Dorota Malarczyk is a Polish numismatist and Islamicist, who is a curator of the Emeryk Hutten-Czapski Museum, which is the coin cabinet of the National Museum, Krakow. In 2020 the Royal Numismatic Society awarded her the Samir Shamma Prize for Islamic Numismatics. She was a member of the Organising Committee for the 16th International Numismatic Congress in Warsaw. Research projects have included: Umayyad coins from Marea, inscriptions from the Kom el-Dikka graveyard in Alexandria, gems engraved with Arabic inscriptions and silver currency in tenth-century Europe.

== Selected publications ==

- Wadyl, Sławomir, Kacper Martyka, and Dorota Malarczyk. "Early Abbasid dirhams from a newly discovered stronghold in Bornity near Pieniężno." Wiadomości Numizmatyczne (2018).
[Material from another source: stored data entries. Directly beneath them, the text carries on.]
(* Fix a node $\ell$ and the other nodes' probabilities $\mathbf{P}_{-\ell}\in[0,1]^{N-1}$, and write $\beta_\ell=e^{-\rho_{\ell2}}\prod_{k\neq\ell}(1-p_k)$. Let $p_\ell(1)\in[p_\ell^{min},1]$ and let $(v_\ell(t))_{t\ge1}$ be random variables such that, with $$p_\ell(t+1)=\max\{p_\ell^{min},\,p_\ell(t)+\kappa(t)v_\ell(t)\},$$ one has for all $t$: $|v_\ell(t)|\le M$ for a constant $M<\infty$, $v_\ell(t)\le 1-p_\ell(t)$, and $$\mathbb{E}\{v_\ell(t)\mid p_\ell(1),\dots,p_\ell(t)\}=e^{-\alpha_\ell p_\ell(t)}-p_\ell(t)\beta_\ell-p_\ell(t).$$ If the deterministic learning rates satisfy $\kappa(t)\in(0,1]$ for all $t$, $\sum_{t}\kappa(t)=\infty$ and $\sum_t\kappa(t)^2<\infty$, then $p_\ell(t)$ converges almost surely to the best response $p_\ell^{br}=\arg\max_{p\in[p_\ell^{min},1]}U_\ell(p;\mathbf{P}_{-\ell})$.
   Context: Game $\mathcal{G}$: node $\ell$ has parameters $c_\ell>0$, $\rho_{\ell1}>0$, $\rho_{\ell2}>0$, $p_\ell^{min}\in(0,1)$, $\alpha_\ell=c_\ell\rho_{\ell1}$, and virtual utility $$U_\ell(p_\ell;\mathbf{P}_{-\ell})=-\frac{e^{-\alpha_\ell p_\ell}}{\alpha_\ell}-\frac{p_\ell^2}{2}\Big(1+e^{-\rho_{\ell2}}\prod_{k\ne\ell}(1-p_k)\Big)+\frac{1+\alpha_\ell}{\alpha_\ell}.$$ In the paper's learning algorithm, $v_\ell(t)=e^{-\rho_{\ell1}C_\ell^{av}(t)}-\frac{1}{(1+\Delta_\ell^{av}(t))e^{\rho_{\ell2}}}-p_\ell(t)$, where $C_\ell^{av}(t)$ and $\Delta_\ell^{av}(t)$ are node $\ell$'s empirical average transmission cost and empirical time-averaged age over frame $t$; the conditional-expectation hypothesis above is the idealization of this (large frame length) used in the paper. *)

From HB Require Import structures.
From mathcomp Require Import all_boot all_order all_algebra.
From mathcomp Require Import all_classical all_reals all_analysis.
Set Implicit Arguments. Unset Strict Implicit. Unset Printing Implicit Defensive.
Import Order.TTheory GRing.Theory Num.Theory numFieldNormedType.Exports.
Local Open Scope ring_scope.

Definition beta_l (R : realType) (N : nat) (l : 'I_N) (P : 'I_N -> R) (rho2 : R) : R :=
  expR (- rho2) * \prod_(k < N | k != l) (1 - P k).

Definition U_l (R : realType) (N : nat) (l : 'I_N) (P : 'I_N -> R)
  (c rho1 rho2 : R) (p : R) : R :=
  let alpha := c * rho1 in
  - expR (- alpha * p) / alpha
  - (p ^+ 2 / 2) * (1 + beta_l l P rho2)
  + (1 + alpha) / alpha.

(* the learning iterates; index t = 0 here is the paper's t = 1 *)
Fixpoint proc (R : realType) (T : Type) (pmin : R) (p1 : T -> R)
  (kappa : nat -> R) (v : nat -> T -> R) (t : nat) : T -> R :=
  match t with
  | 0 => p1
  | t'.+1 => fun w => Num.max pmin (proc pmin p1 kappa v t' w + kappa t' * v t' w)
  end.

(* Write Y_t = (p_t - p_br)^2 for the squared distance to the best response.
   Projecting onto [pmin, 1] does not increase it, and by strong concavity of
   U_l the mean field U_l'(p_t) of v_t pushes p_t towards p_br, so that
   Y_{t+1} <= (1 - kappa_t) Y_t + 2 kappa_t (p_t - p_br) xi_t + kappa_t^2 M^2
   with the noise xi_t = v_t - U_l'(p_t) centred given p_1, ..., p_t.
   Integrated over events of that sigma-algebra the noise term vanishes, and a
   Robbins-Siegmund type argument concludes: sum kappa_t = oo makes E Y_t
   small infinitely often, while a maximal inequality for the process stopped
   when it first exceeds r, whose error is controlled by sum kappa_t^2 < oo,
   bounds the probability of exceeding r afterwards. *)

From HB Require Import structures.
From mathcomp Require Import all_boot all_order all_algebra.
From mathcomp Require Import all_classical all_reals all_analysis.
From mathcomp Require Import lra measurable_realfun.
Import Order.TTheory GRing.Theory Num.Theory numFieldNormedType.Exports.
Local Open Scope classical_set_scope.
Local Open Scope ring_scope.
- Bogucki, Mateusz, et al. Frühmittelalterliche Münzfunde aus Polen: Inventar. Ermland und Masuren: Funde aus Polen 2011-2013: addenda et corrigenda. Institut für Archäologie und Ethnologie der Polnischen Akademie der Wissenschaften, 2016.
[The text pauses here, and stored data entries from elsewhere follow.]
(* For $\lambda>0$ let $\zeta_\lambda(z)=\lambda\frac{z}{z+1}e^{-z}$, and consider its restriction $\zeta_\lambda(x)$ to real $x\neq -1$. Let $\lambda^{*}=(\sqrt{2}+1)e^{\sqrt{2}}$. Then: (i) If $0<\lambda<1$, then $\zeta_\lambda$ has a unique nonzero real fixed point $r_\lambda$, it lies in $(-1,0)$ and is repelling, and the fixed point $0$ is attracting. (ii) If $\lambda=1$, then the fixed point $0$ is rationally indifferent. (iii) If $1<\lambda<\lambda^{*}$, then $\zeta_\lambda$ has a unique nonzero real fixed point $a_\lambda$, it lies in $(0,\sqrt{2})$ and is attracting, and the fixed point $0$ is repelling. (iv) If $\lambda=\lambda^{*}$, then $\sqrt{2}$ is a rationally indifferent fixed point and the fixed point $0$ is repelling. (v) If $\lambda>\lambda^{*}$, then the fixed point $0$ is repelling.
   Context: A fixed point $x_f$ of $\zeta_\lambda$ is called attracting if $|\zeta_\lambda'(x_f)|<1$, repelling if $|\zeta_\lambda'(x_f)|>1$, and rationally indifferent if $\zeta_\lambda'(x_f)$ is a root of unity (here, $|\zeta_\lambda'(x_f)|=1$ with real multiplier). *)

From Stdlib Require Import Reals.
Open Scope R_scope.

Definition zeta (lam x : R) : R := lam * (x / (x + 1)) * exp (- x).

Definition is_fixed (lam x : R) : Prop := x <> -1 /\ zeta lam x = x.

Definition attracting (lam x : R) : Prop :=
  is_fixed lam x /\ exists d, derivable_pt_lim (zeta lam) x d /\ Rabs d < 1.

Definition repelling (lam x : R) : Prop :=
  is_fixed lam x /\ exists d, derivable_pt_lim (zeta lam) x d /\ Rabs d > 1.

Definition rationally_indifferent (lam x : R) : Prop :=
  is_fixed lam x /\
  exists d, derivable_pt_lim (zeta lam) x d /\ exists n : nat, (0 < n)%nat /\ d ^ n = 1.

Definition lambda_star : R := (sqrt 2 + 1) * exp (sqrt 2).

(* Away from 0, [zeta lam x = x] says exactly [lam = (x + 1) * exp x]. The right-hand side
   increases strictly on (-1, +oo) from 0, through 1 at x = 0 and lambda_star at
   x = sqrt 2, so for 0 < lam < lambda_star there is exactly one nonzero real fixed point,
   found by the intermediate value theorem on (-1, 0) or (0, sqrt 2). At such a point the
   multiplier simplifies to (1 - x (x + 1)) / (x + 1): it exceeds 1 on (-1, 0), lies in
   (-1, 1) on (0, sqrt 2) and equals -1 at sqrt 2. The multiplier at 0 is lam itself. *)

From Stdlib Require Import Reals Lra Lia.
From Coquelicot Require Import Coquelicot.
Open Scope R_scope.

Definition fixed_level (x : R) : R := (x + 1) * exp x.

Definition fixed_multiplier (x : R) : R := (1 - x * (x + 1)) / (x + 1).

Lemma derivable_pt_lim_zeta lam x : x <> -1 ->
  derivable_pt_lim (zeta lam) x (lam * exp (- x) * (1 - x * (x + 1)) / (x + 1) ^ 2).
Proof.
  intro Hx; assert (Hx1 : x + 1 <> 0) by lra.
  apply is_derive_Reals; unfold zeta.
  auto_derive; [exact Hx1 | field; exact Hx1].
Qed.

Lemma is_fixed0 lam : is_fixed lam 0.
Proof. split; [lra | unfold zeta, Rdiv; ring]. Qed.

Lemma is_fixed_nonzeroE lam x : x <> 0 ->
  is_fixed lam x <-> x <> -1 /\ fixed_level x = lam.
Proof.
  intro Hx0; unfold is_fixed, zeta, fixed_level.
  assert (Hinv : exp (- x) * exp x = 1) by (rewrite <- exp_plus, Rplus_opp_l; apply exp_0).
  split; intros [Hx1 E]; split; auto.
  - assert (Hnz : x + 1 <> 0) by lra.
    assert (E' : lam * exp (- x) = x + 1).
    { apply (Rmult_eq_reg_l (x / (x + 1))).
      - transitivity (lam * (x / (x + 1)) * exp (- x)); [ring | rewrite E; field; exact Hnz].
      - intro H; apply Hx0; unfold Rdiv in H.
        destruct (Rmult_integral _ _ H) as [H' | H']; auto.
        exfalso; exact (Rinv_neq_0_compat _ Hnz H'). }
    rewrite <- E'; replace lam with (lam * (exp (- x) * exp x)) at 2 by (rewrite Hinv; ring).
    ring.
  - rewrite <- E; replace (x / (x + 1)) with (x * / (x + 1)) by reflexivity.
    replace ((x + 1) * exp x * (x * / (x + 1)) * exp (- x))
      with (x * ((x + 1) * / (x + 1)) * (exp (- x) * exp x)) by ring.
    rewrite Hinv, Rinv_r by lra; ring.
Qed.

Lemma fixed_level_lt x y : -1 < x -> x < y -> fixed_level x < fixed_level y.
Proof.
  intros Hx Hxy; unfold fixed_level.
  pose proof (exp_increasing _ _ Hxy); pose proof (exp_pos x); nra.
Qed.

Lemma fixed_level_pos_inv x : 0 < fixed_level x -> -1 < x.
Proof.
  unfold fixed_level; intro H; pose proof (exp_pos x).
  destruct (Rle_lt_dec x (-1)); [nra | lra].
Qed.

Lemma fixed_level_inj lam x y : 0 < lam ->
  fixed_level x = lam -> fixed_level y = lam -> x = y.
Proof.
  intros Hlam Ex Ey.
  assert (Hx : -1 < x) by (apply fixed_level_pos_inv; lra).
  assert (Hy : -1 < y) by (apply fixed_level_pos_inv; lra).
  destruct (Rtotal_order x y) as [h | [h | h]]; auto.
  - pose proof (fixed_level_lt x y Hx h); lra.
  - pose proof (fixed_level_lt y x Hy h); lra.
Qed.

Lemma fixed_level_IVT lam a b : a < b ->
  fixed_level a < lam < fixed_level b -> exists r, a < r < b /\ fixed_level r = lam.
Proof.
  intros Hab [Ha Hb].
  destruct (IVT (fun x => fixed_level x - lam) a b) as [r [[Har Hrb] Er]];
    unfold fixed_level in *; [reg | exact Hab | lra | lra |].
  exists r; split; [split | lra].
  - destruct (Req_dec a r) as [e | e]; [subst; lra | lra].
  - destruct (Req_dec r b) as [e | e]; [subst; lra | lra].
Qed.

Lemma fixed_level0 : fixed_level 0 = 1.
Proof. unfold fixed_level; rewrite exp_0; ring. Qed.

Lemma fixed_level_neg1 : fixed_level (-1) = 0.
Proof. unfold fixed_level; ring. Qed.

Lemma fixed_level_sqrt2 : fixed_level (sqrt 2) = lambda_star.
Proof. unfold fixed_level, lambda_star; ring. Qed.

Lemma one_lt_lambda_star : 1 < lambda_star.
Proof.
  rewrite <- fixed_level0, <- fixed_level_sqrt2.
  apply fixed_level_lt; [lra | apply sqrt_lt_R0; lra].
Qed.

Lemma unique_nonzero_fixed_between lam a b : 0 < lam -> a < b ->
  (0 <= a \/ b <= 0) -> fixed_level a < lam < fixed_level b ->
  exists r, a < r < b /\ is_fixed lam r /\ r <> 0 /\
    forall y, is_fixed lam y -> y <> 0 -> y = r.
Proof.
  intros Hlam Hab Hsign Hlev.
  destruct (fixed_level_IVT lam a b Hab Hlev) as [r [Hr Er]].
  assert (Hr1 : -1 < r) by (apply fixed_level_pos_inv; lra).
  assert (Hr0 : r <> 0) by lra.
  exists r; split; [exact Hr | split; [apply is_fixed_nonzeroE; auto; lra | split; [exact Hr0 |]]].
  intros y Hy Hy0; apply is_fixed_nonzeroE in Hy as [_ Ey]; auto.
  exact (fixed_level_inj lam y r Hlam Ey Er).
Qed.

Lemma derivable_pt_lim_zeta_fixed lam x : x <> 0 -> is_fixed lam x ->
  derivable_pt_lim (zeta lam) x (fixed_multiplier x).
Proof.
  intros Hx0 Hfix; pose proof (proj1 (is_fixed_nonzeroE lam x Hx0) Hfix) as [Hx1 E].
  assert (Hnz : x + 1 <> 0) by lra.
  replace (fixed_multiplier x)
    with (lam * exp (- x) * (1 - x * (x + 1)) / (x + 1) ^ 2).
  - exact (derivable_pt_lim_zeta lam x Hx1).
  - unfold fixed_multiplier; rewrite <- E; unfold fixed_level; rewrite exp_Ropp.
    field; split; [exact Hnz | apply Rgt_not_eq, exp_pos].
Qed.

Lemma derivable_pt_lim_zeta0 lam : derivable_pt_lim (zeta lam) 0 lam.
Proof.
  replace lam with (lam * exp (- 0) * (1 - 0 * (0 + 1)) / (0 + 1) ^ 2) at 2.
  - apply derivable_pt_lim_zeta; lra.
  - rewrite Ropp_0, exp_0; field.
Qed.

Lemma fixed_multiplier_gt1 x : -1 < x < 0 -> 1 < fixed_multiplier x.
Proof.
  intro Hx; unfold fixed_multiplier.
  apply (Rmult_lt_reg_r (x + 1)); [lra |].
  unfold Rdiv; rewrite Rmult_assoc, Rinv_l by lra; nra.
Qed.

Lemma fixed_multiplier_lt1 x : 0 < x < sqrt 2 -> Rabs (fixed_multiplier x) < 1.
Proof.
  intro Hx; unfold fixed_multiplier.
  assert (x * x < 2).
  { rewrite <- (sqrt_sqrt 2) by lra; apply Rmult_le_0_lt_compat; lra. }
  apply Rabs_def1; apply (Rmult_lt_reg_r (x + 1)); try lra;
    unfold Rdiv; rewrite Rmult_assoc, Rinv_l by lra; nra.
Qed.

Lemma fixed_multiplier_sqrt2 : fixed_multiplier (sqrt 2) = -1.
Proof.
  pose proof (sqrt_lt_R0 2 ltac:(lra)); pose proof (sqrt_sqrt 2 ltac:(lra)).
  unfold fixed_multiplier; field_simplify_eq; [nra | lra].
Qed.

Lemma repelling_neg_fixed lam x : -1 < x < 0 -> is_fixed lam x -> repelling lam x.
Proof.
  intros Hx Hfix; split; [exact Hfix |].
  exists (fixed_multiplier x); split; [apply derivable_pt_lim_zeta_fixed; auto; lra |].
  pose proof (fixed_multiplier_gt1 x Hx); rewrite Rabs_right; lra.
Qed.

Lemma attracting_pos_fixed lam x : 0 < x < sqrt 2 -> is_fixed lam x -> attracting lam x.
Proof.
  intros Hx Hfix; split; [exact Hfix |].
  exists (fixed_multiplier x); split; [apply derivable_pt_lim_zeta_fixed; auto; lra |].
  exact (fixed_multiplier_lt1 x Hx).
Qed.

Lemma rationally_indifferent_lambda_star_sqrt2 :
  rationally_indifferent lambda_star (sqrt 2).
Proof.
  assert (Hsqrt2 : 0 < sqrt 2) by (apply sqrt_lt_R0; lra).
  assert (Hfix : is_fixed lambda_star (sqrt 2))
    by (apply is_fixed_nonzeroE; [lra | split; [lra | apply fixed_level_sqrt2]]).
  split; [exact Hfix |].
  exists (fixed_multiplier (sqrt 2)); split; [apply derivable_pt_lim_zeta_fixed; auto; lra |].
  exists 2%nat; split; [lia | rewrite fixed_multiplier_sqrt2; ring].
Qed.

Lemma repelling_fixed0 lam : 1 < lam -> repelling lam 0.
Proof.
  intro Hlam; split; [apply is_fixed0 |].
  exists lam; split; [apply derivable_pt_lim_zeta0 | rewrite Rabs_right; lra].
Qed.

Lemma attracting_fixed0 lam : 0 < lam < 1 -> attracting lam 0.
Proof.
  intro Hlam; split; [apply is_fixed0 |].
  exists lam; split; [apply derivable_pt_lim_zeta0 | rewrite Rabs_right; lra].
Qed.

Theorem theorem3 :
  (forall lam, 0 < lam < 1 ->
     (exists r, is_fixed lam r /\ r <> 0 /\
        (forall y, is_fixed lam y -> y <> 0 -> y = r) /\
        -1 < r < 0 /\ repelling lam r) /\
     attracting lam 0) /\
  rationally_indifferent 1 0 /\
  (forall lam, 1 < lam < lambda_star ->
     (exists a, is_fixed lam a /\ a <> 0 /\
        (forall y, is_fixed lam y -> y <> 0 -> y = a) /\
        0 < a < sqrt 2 /\ attracting lam a) /\
     repelling lam 0) /\
  (rationally_indifferent lambda_star (sqrt 2) /\ repelling lambda_star 0) /\
  (forall lam, lam > lambda_star -> repelling lam 0).
Proof.
  pose proof one_lt_lambda_star as Hstar.
  split; [| split; [| split; [| split]]].
  - intros lam Hlam; split; [| exact (attracting_fixed0 lam Hlam)].
    assert (Hlev : fixed_level (-1) < lam < fixed_level 0)
      by (rewrite fixed_level_neg1, fixed_level0; lra).
    destruct (unique_nonzero_fixed_between lam (-1) 0 ltac:(lra) ltac:(lra)
                (or_intror (Rle_refl 0)) Hlev) as [r [Hr [Hfix [Hr0 Huniq]]]].
    exists r; do 4 (split; auto).
    exact (repelling_neg_fixed lam r Hr Hfix).
  - split; [apply is_fixed0 |].
    exists 1; split; [apply derivable_pt_lim_zeta0 | exists 1%nat; split; [lia | ring]].
  - intros lam Hlam; split; [| apply repelling_fixed0; lra].
    assert (Hlev : fixed_level 0 < lam < fixed_level (sqrt 2))
      by (rewrite fixed_level0, fixed_level_sqrt2; lra).
    destruct (unique_nonzero_fixed_between lam 0 (sqrt 2) ltac:(lra)
                (sqrt_lt_R0 2 ltac:(lra)) (or_introl (Rle_refl 0)) Hlev)
      as [a [Ha [Hfix [Ha0 Huniq]]]].
    exists a; do 4 (split; auto).
    exact (attracting_pos_fixed lam a Ha Hfix).
  - split; [exact rationally_indifferent_lambda_star_sqrt2 | apply repelling_fixed0; lra].
  - intros lam Hlam; apply repelling_fixed0; lra.
Qed.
- Malarczyk, Dorota, and Roksana Wawrzczak. "Skarb z XI wieku z Grzymisławia, powiat człuchowski." Wiadomości Numizmatyczne (2016).
- Malarczyk, Dorota. "Orenice, gm. Piątek, pow. Łęczyca." Wiadomości Numizmatyczne 51.1 (2007): 183.
- Bogucki, Mateusz, Dorota Malarczyk, and Ewa Marczak. "The 10th century dirham hoard from the stronghold at Truszki Zalesie, Kolno poviat, Podlaskie Voivodeship." Wiadomości Numizmatyczne (2005).
- Bartczak, Andrzej, and Dorota Malarczyk. "Dirhams of some early medieval finds from the area of Great Poland." Wiadomości Numizmatyczne (2000).